_TASK DETAILS:_ When the line containing "(* sum_x P(x)^lambda" is reached, include it and end there; set down verbatim every line before it, starting at the top of the records.

_PROVIDED INFORMATION:_
(* For $\varepsilon\in[0,1]$, let $C(\varepsilon)=\min\{C(P,Q) : P,Q \text{ probability distributions on a common countable set with } d_{\text{TV}}(P,Q)=\varepsilon\}$. This minimum exists and $$C(\varepsilon)=\begin{cases}-\frac12\log(1-\varepsilon^2) & \text{if } \varepsilon\in[0,1),\\ +\infty & \text{if } \varepsilon=1.\end{cases}$$ For $\varepsilon\in[0,1)$ it is achieved by the pair of 2-element distributions $P=\left(\frac{1-\varepsilon}{2},\frac{1+\varepsilon}{2}\right)$, $Q=\left(\frac{1+\varepsilon}{2},\frac{1-\varepsilon}{2}\right)$.
   Context: For probability distributions $P,Q$ on a countable set, $d_{\text{TV}}(P,Q)=\frac12\sum_x|P(x)-Q(x)|$ is the total variation distance, and the Chernoff information is $C(P,Q)=-\min_{\lambda\in[0,1]}\log\left(\sum_x P(x)^\lambda Q(x)^{1-\lambda}\right)$. Logarithms are natural. *)

From HB Require Import structures.
From mathcomp Require Import all_boot all_order all_algebra.
From mathcomp Require Import all_classical all_reals all_analysis.
Set Implicit Arguments. Unset Strict Implicit. Unset Printing Implicit Defensive.
Import Order.TTheory GRing.Theory Num.Theory.
Local Open Scope classical_set_scope.
Local Open Scope ring_scope.

Definition is_distr (R : realType) (T : countType) (P : T -> R) : Prop :=
  (forall x, 0 <= P x) /\ (\esum_(x in [set: T]) (P x)%:E = 1%E).

Definition tv_dist (R : realType) (T : countType) (P Q : T -> R) : \bar R :=
  ((2^-1)%:E * \esum_(x in [set: T]) (`|P x - Q x|)%:E)%E.

(* sum_x P(x)^lambda Q(x)^(1-lambda), with the convention 0^0 = 1 (powR). *)
Definition chernoff_sum (R : realType) (T : countType) (P Q : T -> R)
  (l : R) : \bar R :=
  \esum_(x in [set: T]) (P x `^ l * Q x `^ (1 - l))%:E.

Definition neg_log_e (R : realType) (s : \bar R) : \bar R :=
  match s with
  | r%:E => if r == 0 then +oo%E else (- ln r)%:E
  | +oo%E => -oo%E
  | -oo%E => +oo%E
  end.

(* Chernoff information C(P,Q) = - min_{l in [0,1]} log(sum_x P^l Q^(1-l))
   = sup_{l in [0,1]} -log(...), valued in extended reals. *)
Definition chernoff_info (R : realType) (T : countType) (P Q : T -> R) : \bar R :=
  ereal_sup [set neg_log_e (chernoff_sum P Q l) | l in `[0, 1]%classic].

Definition Ceps (R : realType) (e : R) : \bar R :=
  if e < 1 then (- (2^-1) * ln (1 - e ^+ 2))%:E else +oo%E.

(* The extremal pair on a 2-element set (bool: false ~ first, true ~ second). *)
Definition Pext (R : realType) (e : R) (b : bool) : R :=
  if b then (1 + e) / 2 else (1 - e) / 2.
Definition Qext (R : realType) (e : R) (b : bool) : R :=
  if b then (1 - e) / 2 else (1 + e) / 2.

From mathcomp Require Import all_boot all_order all_algebra.
From mathcomp Require Import all_classical all_reals all_analysis.
From mathcomp Require Import ring lra.
Set Implicit Arguments.
Unset Strict Implicit.
Unset Printing Implicit Defensive.

Import Order.TTheory GRing.Theory Num.Theory.
Local Open Scope classical_set_scope.
Local Open Scope ring_scope.

(* Taking lambda = 1/2 bounds C(P,Q) below by -log BC, where
   BC = sum_x sqrt(P x Q x) is the Bhattacharyya coefficient.  For t >= 1 the
   pointwise inequality 4 t sqrt(p q) + (t^2 - 1) |p - q| <= (t^2 + 1) (p + q),
   summed over x, gives 2 t BC <= t^2 (1 - e) + (1 + e).  Optimising in t yields
   BC^2 <= 1 - e^2 (for e = 1, letting t grow forces BC = 0), which is the
   Cauchy-Schwarz bound obtained without square-summability arguments.  For the
   symmetric two-point pair the two terms of every Chernoff sum have product
   (1 - e^2) / 4, so by AM-GM each Chernoff sum is at least sqrt(1 - e^2). *)

Lemma esumZl (R : realType) (T : choiceType) (D : set T) (r : R)
    (a : T -> \bar R) : 0 <= r -> (forall i, (0 <= a i)%E) ->
  (\esum_(i in D) (r%:E * a i) = r%:E * \esum_(i in D) a i)%E.
Proof.
move=> r0 a0; have [->|rn0] := eqVneq r 0.
  by rewrite mul0e esum1 // => i _; rewrite mul0e.
rewrite /esum -ereal_sup_pZl ?lt0r ?rn0 //; congr ereal_sup.
by rewrite image_comp; apply: eq_imagel => A _ /=; rewrite ge0_mule_fsumr.
Qed.

Lemma esum_bool (R : realType) (a : bool -> \bar R) :
  (forall i, (0 <= a i)%E) -> (\esum_(i in [set: bool]) a i = a false + a true)%E.
Proof.
move=> a0; rewrite esum_fset; [|exact: finite_finset|by []].
have -> : [set: bool] = [set false] `|` [set true].
  by apply/seteqP; split => // -[] _; [right|left].
rewrite fsbigU0 ?fsbig_set1 //; try exact: finite_finset.
by move=> x [/= ->].
Qed.

Lemma sqrt_mul_weighted_le (R : realType) (p q t : R) :
  0 <= p -> 0 <= q -> 1 <= t ->
  4 * t * (Num.sqrt p * Num.sqrt q) + (t ^+ 2 - 1) * `|p - q|
    <= (t ^+ 2 + 1) * (p + q).
Proof.
move=> p0 q0 t1.
have [u u0 ->] : exists2 u : R, 0 <= u & p = u ^+ 2.
  by exists (Num.sqrt p); rewrite ?sqrtr_ge0 ?sqr_sqrtr.
have [v v0 ->] : exists2 v : R, 0 <= v & q = v ^+ 2.
  by exists (Num.sqrt q); rewrite ?sqrtr_ge0 ?sqr_sqrtr.
rewrite !sqrtr_sqr (ger0_norm u0) (ger0_norm v0).
wlog uv : u v u0 v0 / u <= v => [wlog_uv|].
  have [|vu] := leP u v; first exact: wlog_uv.
  by rewrite [u * v]mulrC distrC [u ^+ 2 + _]addrC wlog_uv // ltW.
rewrite distrC ger0_norm ?subr_ge0 ?ler_sqr //.
(* the difference of the two sides is 2 (t u - v)^2 *)
by have := sqr_ge0 (t * u - v); nra.
Qed.

Lemma sqr_le_of_weighted_le (R : realType) (b e : R) :
  0 <= b -> 0 <= e -> e <= 1 ->
  (forall t, 1 <= t -> 2 * b * t <= t ^+ 2 * (1 - e) + (1 + e)) ->
  b ^+ 2 <= 1 - e ^+ 2.
Proof.
move=> b0 e0 e1 hb; have [elt|ege] := ltP e 1.
  set s := Num.sqrt (1 - e ^+ 2).
  have s2 : s ^+ 2 = 1 - e ^+ 2 by rewrite sqr_sqrtr // subr_ge0; nra.
  have s0 : 0 < s by rewrite sqrtr_gt0; nra.
  have s1 : s <= 1 + e by rewrite -ler_sqr ?nnegrE ?s2; nra.
  (* the optimal weight t = sqrt((1 + e) / (1 - e)) *)
  have ts : (1 + e) / s * s = 1 + e by rewrite divfK // gt_eqF.
  have := hb ((1 + e) / s); move: ((1 + e) / s) ts => t ts.
  have t1 : 1 <= t by nra.
  move=> /(_ t1) /(ler_wpM2l (sqr_ge0 s)).
  have -> : s ^+ 2 * (2 * b * t) = 2 * (1 + e) * (b * s) by rewrite -ts; ring.
  have -> : s ^+ 2 * (t ^+ 2 * (1 - e) + (1 + e)) = 2 * (1 + e) * s ^+ 2.
    transitivity ((t * s) ^+ 2 * (1 - e) + s ^+ 2 * (1 + e)); first by ring.
    by rewrite ts s2; ring.
  rewrite ler_pM2l ?expr2 ?ler_pM2r //; last by lra.
  by move=> bs; rewrite -s2 ler_sqr ?nnegrE // ltW.
have e_1 : e = 1 by apply: le_anti; rewrite e1.
subst e.
have [->|bn0] := eqVneq b 0; first by rewrite expr0n /= expr1n subrr.
have bV : b * b^-1 = 1 by rewrite mulfV.
have := hb (1 + b^-1) ltac:(by rewrite lerDl invr_ge0).
by rewrite subrr; nra.
Qed.

Definition bhattacharyya (R : realType) (T : countType) (P Q : T -> R) :
    \bar R :=
  \esum_(x in [set: T]) (Num.sqrt (P x) * Num.sqrt (Q x))%:E.

Lemma chernoff_sum_half (R : realType) (T : countType) (P Q : T -> R) :
  (forall x, 0 <= P x) -> (forall x, 0 <= Q x) ->
  chernoff_sum P Q 2^-1 = bhattacharyya P Q.
Proof.
move=> P0 Q0; apply: eq_esum => x _.
by rewrite (_ : 1 - 2^-1 = 2^-1) ?powR12_sqrt //; field.
Qed.

Lemma esum_dist_tv (R : realType) (T : countType) (P Q : T -> R) (e : R) :
  tv_dist P Q = e%:E -> \esum_(x in [set: T]) (`|P x - Q x|)%:E = (2 * e)%:E.
Proof.
rewrite /tv_dist; have : (0 <= \esum_(x in [set: T]) (`|P x - Q x|)%:E)%E.
  by apply: esum_ge0 => x _; rewrite lee_fin.
case: (\esum_(x in [set: T]) _) => [d| |] // _.
  by move=> [<-]; congr EFin; field.
by rewrite mulry gtr0_sg // mul1e.
Qed.

Section BhattacharyyaBound.
Variables (R : realType) (T : countType) (P Q : T -> R).
Hypotheses (hP : is_distr P) (hQ : is_distr Q).

Lemma bhattacharyya_weighted_le (t : R) : 1 <= t ->
  ((4 * t)%:E * bhattacharyya P Q
    + (t ^+ 2 - 1)%:E * (\esum_(x in [set: T]) (`|P x - Q x|)%:E)
   <= (2 * (t ^+ 2 + 1))%:E)%E.
Proof.
move: hP hQ => [P0 sumP] [Q0 sumQ] t1.
have t0 : 0 <= t by lra.
rewrite -!esumZl ?subr_ge0 ?expr_ge1 ?mulr_ge0 //.
rewrite -esumD; last 2 first.
- by move=> x _; rewrite -EFinM lee_fin mulr_ge0 ?mulr_ge0 ?sqrtr_ge0.
- by move=> x _; rewrite -EFinM lee_fin mulr_ge0 ?subr_ge0 ?expr_ge1.
have -> : (2 * (t ^+ 2 + 1))%:E
    = \esum_(x in [set: T]) ((t ^+ 2 + 1) * (P x + Q x))%:E.
  under eq_esum do rewrite EFinM.
  rewrite esumZl ?addr_ge0 ?sqr_ge0 //; last by move=> x; rewrite lee_fin addr_ge0.
  under eq_esum do rewrite EFinD.
  rewrite esumD ?sumP ?sumQ; last 2 first.
  - by move=> x _; rewrite lee_fin.
  - by move=> x _; rewrite lee_fin.
  by rewrite -EFinD -EFinM mulrC.
apply: le_esum => x _; rewrite -!EFinM -EFinD lee_fin.
exact: sqrt_mul_weighted_le.
Qed.

Lemma bhattacharyya_sqr_le (e : R) : 0 <= e -> e <= 1 ->
  tv_dist P Q = e%:E ->
  exists2 b, bhattacharyya P Q = b%:E & 0 <= b /\ b ^+ 2 <= 1 - e ^+ 2.
Proof.
move=> e0 e1 /esum_dist_tv sumD.
have := bhattacharyya_weighted_le.
have : (0 <= bhattacharyya P Q)%E.
  by apply: esum_ge0 => x _; rewrite lee_fin mulr_ge0 ?sqrtr_ge0.
case: (bhattacharyya P Q) => [b| |] // b0 hb; last first.
  have := hb 1 (lexx 1).
  by rewrite expr1n subrr mul0e adde0 mulr1 mulry gtr0_sg // mul1e leNgt ltry.
exists b => //; split; first by rewrite -lee_fin.
apply: sqr_le_of_weighted_le; rewrite -?lee_fin // => t t1.
have := hb t t1; rewrite sumD -!EFinM -EFinD lee_fin.
nra.
Qed.

End BhattacharyyaBound.

Lemma Ceps_le_neg_log (R : realType) (e b : R) :
  0 <= b -> b ^+ 2 <= 1 - e ^+ 2 -> (Ceps e <= neg_log_e b%:E)%E.
Proof.
move=> b0 be; rewrite /neg_log_e; have [_|bn0] := eqVneq b 0; first exact: leey.
have bpos : 0 < b by rewrite lt0r bn0.
have elt : e < 1 by rewrite ltNge; apply/negP => e1; nra.
rewrite /Ceps elt lee_fin.
have : ln (b ^+ 2) <= ln (1 - e ^+ 2) by rewrite ler_ln ?posrE ?exprn_gt0 //; nra.
by rewrite lnXn // mulr2n; lra.
Qed.

Lemma Ceps_le_chernoff_info (R : realType) (T : countType) (P Q : T -> R)
    (e : R) : 0 <= e -> e <= 1 -> is_distr P -> is_distr Q ->
  tv_dist P Q = e%:E -> (Ceps e <= chernoff_info P Q)%E.
Proof.
move=> e0 e1 hP hQ tvPQ.
have [b Bb [b0 be]] := bhattacharyya_sqr_le hP hQ e0 e1 tvPQ.
apply: (le_trans (Ceps_le_neg_log b0 be)); rewrite -Bb.
move: hP hQ => [P0 _] [Q0 _]; rewrite -chernoff_sum_half //.
apply: ereal_sup_ubound; exists 2^-1 => //=.
by rewrite in_itv /= invr_ge0 ler0n invf_le1 ?ler1n.
Qed.

Lemma neg_log_le_Ceps (R : realType) (e z : R) :
  0 <= e -> e < 1 -> 0 < z -> 1 - e ^+ 2 <= z ^+ 2 ->
  (neg_log_e z%:E <= Ceps e)%E.
Proof.
move=> e0 elt z0 ez; rewrite /neg_log_e (gt_eqF z0) /Ceps elt lee_fin.
have : ln (1 - e ^+ 2) <= ln (z ^+ 2).
  by rewrite ler_ln ?posrE ?exprn_gt0 //; nra.
by rewrite lnXn // mulr2n; lra.
Qed.

Lemma is_distr_Pext (R : realType) (e : R) : -1 <= e <= 1 -> is_distr (Pext e).
Proof.
move=> /andP[e0 e1]; split; first by case; rewrite /Pext /=; lra.
rewrite esum_bool; last by case; rewrite lee_fin /Pext /=; lra.
by rewrite /Pext /= -EFinD; congr EFin; field.
Qed.

Lemma is_distr_Qext (R : realType) (e : R) : -1 <= e <= 1 -> is_distr (Qext e).
Proof.
move=> /andP[e0 e1]; split; first by case; rewrite /Qext /=; lra.
rewrite esum_bool; last by case; rewrite lee_fin /Qext /=; lra.
by rewrite /Qext /= -EFinD; congr EFin; field.
Qed.

Lemma tv_dist_ext (R : realType) (e : R) : 0 <= e ->
  tv_dist (Pext e) (Qext e) = e%:E.
Proof.
move=> e0; rewrite /tv_dist esum_bool; last by move=> b; rewrite lee_fin.
rewrite /Pext /Qext /= -EFinD -EFinM; congr EFin.
rewrite (_ : (1 - e) / 2 - (1 + e) / 2 = - e); last by field.
rewrite (_ : (1 + e) / 2 - (1 - e) / 2 = e); last by field.
by rewrite normrN ger0_norm //; field.
Qed.

Lemma chernoff_sum_ext (R : realType) (e l : R) :
  let a := (1 - e) / 2 in let c := (1 + e) / 2 in
  chernoff_sum (Pext e) (Qext e) l
    = (a `^ l * c `^ (1 - l) + c `^ l * a `^ (1 - l))%:E.
Proof.
by rewrite /chernoff_sum esum_bool // => b; rewrite lee_fin mulr_ge0 ?powR_ge0.
Qed.

Lemma sqr_powR_cross_ge (R : realType) (a c l : R) : 0 < a -> 0 < c ->
  4 * (a * c) <= (a `^ l * c `^ (1 - l) + c `^ l * a `^ (1 - l)) ^+ 2.
Proof.
move=> a0 c0.
have powRK x : 0 < x -> x `^ l * x `^ (1 - l) = x.
  move=> x0; rewrite -powRD; last by apply/implyP => _; rewrite gt_eqF.
  by rewrite addrC subrK powRr1 // ltW.
set x := a `^ l * _; set y := c `^ l * _.
have -> : a * c = x * y.
  rewrite -{1}(powRK a a0) -{1}(powRK c c0) /x /y; ring.
rewrite (_ : (x + y) ^+ 2 = (x - y) ^+ 2 + 4 * (x * y)); last by ring.
by rewrite lerDr sqr_ge0.
Qed.

Lemma chernoff_info_ext_le (R : realType) (e : R) : 0 <= e -> e < 1 ->
  (chernoff_info (Pext e) (Qext e) <= Ceps e)%E.
Proof.
move=> e0 elt; apply: ge_ereal_sup => _ [l _ <-].
rewrite chernoff_sum_ext /=.
have a0 : 0 < (1 - e) / 2 by lra.
have c0 : 0 < (1 + e) / 2 by lra.
apply: neg_log_le_Ceps => //.
- by rewrite addr_gt0 // mulr_gt0 // powR_gt0.
- have -> : 1 - e ^+ 2 = 4 * ((1 - e) / 2 * ((1 + e) / 2)) by field.
  exact: sqr_powR_cross_ge.
Qed.

Theorem proposition2 (R : realType) (e : R) (he0 : 0 <= e) (he1 : e <= 1) :
  (* lower bound over all pairs on all countable sets with d_TV = e *)
  (forall (T : countType) (P Q : T -> R),
      is_distr P -> is_distr Q -> tv_dist P Q = e%:E ->
      (Ceps e <= chernoff_info P Q)%E) /\
  (* the minimum exists (is attained) *)
  (exists (T : countType) (P Q : T -> R),
      [/\ is_distr P, is_distr Q, tv_dist P Q = e%:E & chernoff_info P Q = Ceps e]) /\
  (* for e < 1 it is attained by the explicit 2-element pair *)
  (e < 1 ->
     [/\ is_distr (Pext e), is_distr (Qext e), tv_dist (Pext e) (Qext e) = e%:E
       & chernoff_info (Pext e) (Qext e) = Ceps e]).
Proof.
have he : -1 <= e <= 1 by apply/andP; split => //; lra.
have hP := is_distr_Pext he; have hQ := is_distr_Qext he.
have htv := tv_dist_ext he0.
have lower := Ceps_le_chernoff_info he0 he1.
have ext_eq : chernoff_info (Pext e) (Qext e) = Ceps e.
  apply: le_anti; rewrite lower // andbT.
  have [elt|ege] := ltP e 1; first exact: chernoff_info_ext_le.
  by rewrite /Ceps ltNge ege leey.
split; first exact: lower.
by split; [exists bool, (Pext e), (Qext e)|].
Qed.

_ANSWER BOX:_
(* For $\varepsilon\in[0,1]$, let $C(\varepsilon)=\min\{C(P,Q) : P,Q \text{ probability distributions on a common countable set with } d_{\text{TV}}(P,Q)=\varepsilon\}$. This minimum exists and $$C(\varepsilon)=\begin{cases}-\frac12\log(1-\varepsilon^2) & \text{if } \varepsilon\in[0,1),\\ +\infty & \text{if } \varepsilon=1.\end{cases}$$ For $\varepsilon\in[0,1)$ it is achieved by the pair of 2-element distributions $P=\left(\frac{1-\varepsilon}{2},\frac{1+\varepsilon}{2}\right)$, $Q=\left(\frac{1+\varepsilon}{2},\frac{1-\varepsilon}{2}\right)$.
   Context: For probability distributions $P,Q$ on a countable set, $d_{\text{TV}}(P,Q)=\frac12\sum_x|P(x)-Q(x)|$ is the total variation distance, and the Chernoff information is $C(P,Q)=-\min_{\lambda\in[0,1]}\log\left(\sum_x P(x)^\lambda Q(x)^{1-\lambda}\right)$. Logarithms are natural. *)

From HB Require Import structures.
From mathcomp Require Import all_boot all_order all_algebra.
From mathcomp Require Import all_classical all_reals all_analysis.
Set Implicit Arguments. Unset Strict Implicit. Unset Printing Implicit Defensive.
Import Order.TTheory GRing.Theory Num.Theory.
Local Open Scope classical_set_scope.
Local Open Scope ring_scope.

Definition is_distr (R : realType) (T : countType) (P : T -> R) : Prop :=
  (forall x, 0 <= P x) /\ (\esum_(x in [set: T]) (P x)%:E = 1%E).

Definition tv_dist (R : realType) (T : countType) (P Q : T -> R) : \bar R :=
  ((2^-1)%:E * \esum_(x in [set: T]) (`|P x - Q x|)%:E)%E.

(* sum_x P(x)^lambda Q(x)^(1-lambda), with the convention 0^0 = 1 (powR). *)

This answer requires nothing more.